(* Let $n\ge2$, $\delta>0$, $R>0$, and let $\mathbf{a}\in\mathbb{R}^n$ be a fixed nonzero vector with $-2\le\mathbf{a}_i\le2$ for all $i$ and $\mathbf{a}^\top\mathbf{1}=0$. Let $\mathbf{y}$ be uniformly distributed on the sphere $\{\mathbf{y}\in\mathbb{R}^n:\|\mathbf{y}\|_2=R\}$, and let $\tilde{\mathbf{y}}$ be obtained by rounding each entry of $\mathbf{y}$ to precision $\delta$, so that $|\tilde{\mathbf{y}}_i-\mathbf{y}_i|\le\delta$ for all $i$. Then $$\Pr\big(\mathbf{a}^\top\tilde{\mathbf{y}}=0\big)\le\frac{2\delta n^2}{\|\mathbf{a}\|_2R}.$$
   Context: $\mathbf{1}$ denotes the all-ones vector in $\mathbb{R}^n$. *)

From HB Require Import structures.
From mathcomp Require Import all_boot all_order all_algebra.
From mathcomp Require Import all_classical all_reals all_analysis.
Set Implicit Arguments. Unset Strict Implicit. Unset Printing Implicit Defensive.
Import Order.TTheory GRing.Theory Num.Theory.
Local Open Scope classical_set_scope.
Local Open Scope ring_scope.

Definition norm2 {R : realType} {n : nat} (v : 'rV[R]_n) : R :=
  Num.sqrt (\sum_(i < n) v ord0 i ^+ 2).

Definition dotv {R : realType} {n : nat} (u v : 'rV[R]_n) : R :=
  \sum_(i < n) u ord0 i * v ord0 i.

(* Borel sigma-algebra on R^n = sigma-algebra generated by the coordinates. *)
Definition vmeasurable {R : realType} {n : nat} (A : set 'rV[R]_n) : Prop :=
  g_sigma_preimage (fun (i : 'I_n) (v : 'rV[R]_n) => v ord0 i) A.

◇ ◇ ◇

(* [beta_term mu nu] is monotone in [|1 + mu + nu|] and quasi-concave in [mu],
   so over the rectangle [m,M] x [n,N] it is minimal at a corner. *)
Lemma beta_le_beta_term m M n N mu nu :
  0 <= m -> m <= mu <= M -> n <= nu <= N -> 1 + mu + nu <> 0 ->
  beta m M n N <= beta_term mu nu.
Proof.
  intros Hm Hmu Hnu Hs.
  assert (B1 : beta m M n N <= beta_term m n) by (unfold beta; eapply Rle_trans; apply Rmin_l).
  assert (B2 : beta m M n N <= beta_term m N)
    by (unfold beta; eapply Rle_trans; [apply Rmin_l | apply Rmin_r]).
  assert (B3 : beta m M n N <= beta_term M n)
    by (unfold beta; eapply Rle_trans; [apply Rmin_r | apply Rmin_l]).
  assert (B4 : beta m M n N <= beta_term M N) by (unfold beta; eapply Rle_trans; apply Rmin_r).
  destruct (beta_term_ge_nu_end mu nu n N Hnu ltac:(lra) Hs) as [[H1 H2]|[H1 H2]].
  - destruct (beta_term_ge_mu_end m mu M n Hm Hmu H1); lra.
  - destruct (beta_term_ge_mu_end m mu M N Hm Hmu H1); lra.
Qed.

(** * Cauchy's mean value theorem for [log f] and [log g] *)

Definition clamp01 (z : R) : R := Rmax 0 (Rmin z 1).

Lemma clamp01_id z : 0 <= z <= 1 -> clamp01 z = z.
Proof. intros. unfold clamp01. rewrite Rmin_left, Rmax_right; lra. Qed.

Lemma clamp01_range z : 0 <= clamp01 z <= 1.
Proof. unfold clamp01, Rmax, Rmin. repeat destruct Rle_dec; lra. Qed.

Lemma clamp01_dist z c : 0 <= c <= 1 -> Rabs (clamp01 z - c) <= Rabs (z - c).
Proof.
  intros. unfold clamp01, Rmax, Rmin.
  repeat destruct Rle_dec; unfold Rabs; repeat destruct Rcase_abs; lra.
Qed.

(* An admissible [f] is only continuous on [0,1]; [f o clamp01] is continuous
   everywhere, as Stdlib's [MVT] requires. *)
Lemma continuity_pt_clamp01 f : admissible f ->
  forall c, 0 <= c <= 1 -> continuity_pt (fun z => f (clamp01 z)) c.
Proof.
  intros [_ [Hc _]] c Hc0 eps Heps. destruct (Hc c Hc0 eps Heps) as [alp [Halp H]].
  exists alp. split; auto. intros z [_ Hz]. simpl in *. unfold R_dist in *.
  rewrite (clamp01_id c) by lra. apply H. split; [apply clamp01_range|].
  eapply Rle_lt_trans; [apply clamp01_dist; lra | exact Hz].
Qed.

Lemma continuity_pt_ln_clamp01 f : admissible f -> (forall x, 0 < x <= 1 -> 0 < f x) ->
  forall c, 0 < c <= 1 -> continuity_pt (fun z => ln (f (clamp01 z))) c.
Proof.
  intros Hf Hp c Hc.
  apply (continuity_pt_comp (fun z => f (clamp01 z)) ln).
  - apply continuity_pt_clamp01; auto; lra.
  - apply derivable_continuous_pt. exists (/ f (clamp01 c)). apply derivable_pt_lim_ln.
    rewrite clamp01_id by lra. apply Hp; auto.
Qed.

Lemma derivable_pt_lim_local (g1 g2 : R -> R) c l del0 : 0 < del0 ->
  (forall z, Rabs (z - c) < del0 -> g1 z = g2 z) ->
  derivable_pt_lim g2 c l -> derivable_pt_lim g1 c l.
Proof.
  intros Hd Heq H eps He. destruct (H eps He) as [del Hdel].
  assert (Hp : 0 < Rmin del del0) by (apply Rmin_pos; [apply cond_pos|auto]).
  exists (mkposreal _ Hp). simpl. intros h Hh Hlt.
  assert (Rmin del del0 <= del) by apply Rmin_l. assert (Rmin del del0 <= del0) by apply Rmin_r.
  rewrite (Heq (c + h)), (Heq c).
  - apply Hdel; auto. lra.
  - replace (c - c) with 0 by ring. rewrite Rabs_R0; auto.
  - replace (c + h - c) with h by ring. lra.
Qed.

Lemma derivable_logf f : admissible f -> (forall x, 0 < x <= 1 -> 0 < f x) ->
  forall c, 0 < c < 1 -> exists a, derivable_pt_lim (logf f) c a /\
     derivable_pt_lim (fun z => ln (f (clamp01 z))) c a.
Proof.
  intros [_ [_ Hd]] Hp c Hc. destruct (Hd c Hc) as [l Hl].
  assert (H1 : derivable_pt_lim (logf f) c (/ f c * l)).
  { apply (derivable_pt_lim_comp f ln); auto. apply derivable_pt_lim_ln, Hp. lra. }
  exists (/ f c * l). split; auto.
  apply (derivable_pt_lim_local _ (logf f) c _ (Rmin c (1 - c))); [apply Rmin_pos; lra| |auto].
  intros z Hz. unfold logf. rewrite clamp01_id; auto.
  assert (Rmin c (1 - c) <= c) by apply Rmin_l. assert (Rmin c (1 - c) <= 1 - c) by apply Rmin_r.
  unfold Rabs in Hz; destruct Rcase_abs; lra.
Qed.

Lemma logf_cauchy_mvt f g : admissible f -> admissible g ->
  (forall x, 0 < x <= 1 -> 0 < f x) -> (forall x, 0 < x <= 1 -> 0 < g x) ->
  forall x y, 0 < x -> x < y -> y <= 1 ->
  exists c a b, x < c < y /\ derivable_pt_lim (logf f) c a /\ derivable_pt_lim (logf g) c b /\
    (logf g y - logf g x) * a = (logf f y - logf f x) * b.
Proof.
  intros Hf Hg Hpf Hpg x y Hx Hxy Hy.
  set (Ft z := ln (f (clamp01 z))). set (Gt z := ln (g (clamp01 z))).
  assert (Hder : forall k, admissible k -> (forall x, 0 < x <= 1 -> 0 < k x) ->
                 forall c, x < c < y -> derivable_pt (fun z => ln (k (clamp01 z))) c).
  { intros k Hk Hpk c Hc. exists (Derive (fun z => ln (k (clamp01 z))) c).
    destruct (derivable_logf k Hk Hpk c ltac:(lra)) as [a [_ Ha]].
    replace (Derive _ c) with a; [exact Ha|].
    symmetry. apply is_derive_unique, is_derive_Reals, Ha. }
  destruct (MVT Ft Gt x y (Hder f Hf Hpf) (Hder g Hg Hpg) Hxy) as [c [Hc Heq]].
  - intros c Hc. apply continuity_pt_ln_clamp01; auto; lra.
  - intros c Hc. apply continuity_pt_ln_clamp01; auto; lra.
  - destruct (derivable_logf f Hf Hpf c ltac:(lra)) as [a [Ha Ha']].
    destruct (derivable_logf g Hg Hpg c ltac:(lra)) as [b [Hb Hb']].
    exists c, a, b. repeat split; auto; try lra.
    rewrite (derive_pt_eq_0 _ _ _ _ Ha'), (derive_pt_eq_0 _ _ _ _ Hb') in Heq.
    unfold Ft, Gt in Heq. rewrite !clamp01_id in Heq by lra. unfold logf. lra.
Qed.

◇ ◇ ◇

Every line from the line containing "everywhere, as Stdlib's [MVT] requires. *)" through the line containing "- apply continuity_pt_clamp01; auto; lra." in the records above must be retyped exactly. Leave out the rest.

   everywhere, as Stdlib's [MVT] requires. *)
Lemma continuity_pt_clamp01 f : admissible f ->
  forall c, 0 <= c <= 1 -> continuity_pt (fun z => f (clamp01 z)) c.
Proof.
  intros [_ [Hc _]] c Hc0 eps Heps. destruct (Hc c Hc0 eps Heps) as [alp [Halp H]].
  exists alp. split; auto. intros z [_ Hz]. simpl in *. unfold R_dist in *.
  rewrite (clamp01_id c) by lra. apply H. split; [apply clamp01_range|].
  eapply Rle_lt_trans; [apply clamp01_dist; lra | exact Hz].
Qed.

Lemma continuity_pt_ln_clamp01 f : admissible f -> (forall x, 0 < x <= 1 -> 0 < f x) ->
  forall c, 0 < c <= 1 -> continuity_pt (fun z => ln (f (clamp01 z))) c.
Proof.
  intros Hf Hp c Hc.
  apply (continuity_pt_comp (fun z => f (clamp01 z)) ln).
  - apply continuity_pt_clamp01; auto; lra.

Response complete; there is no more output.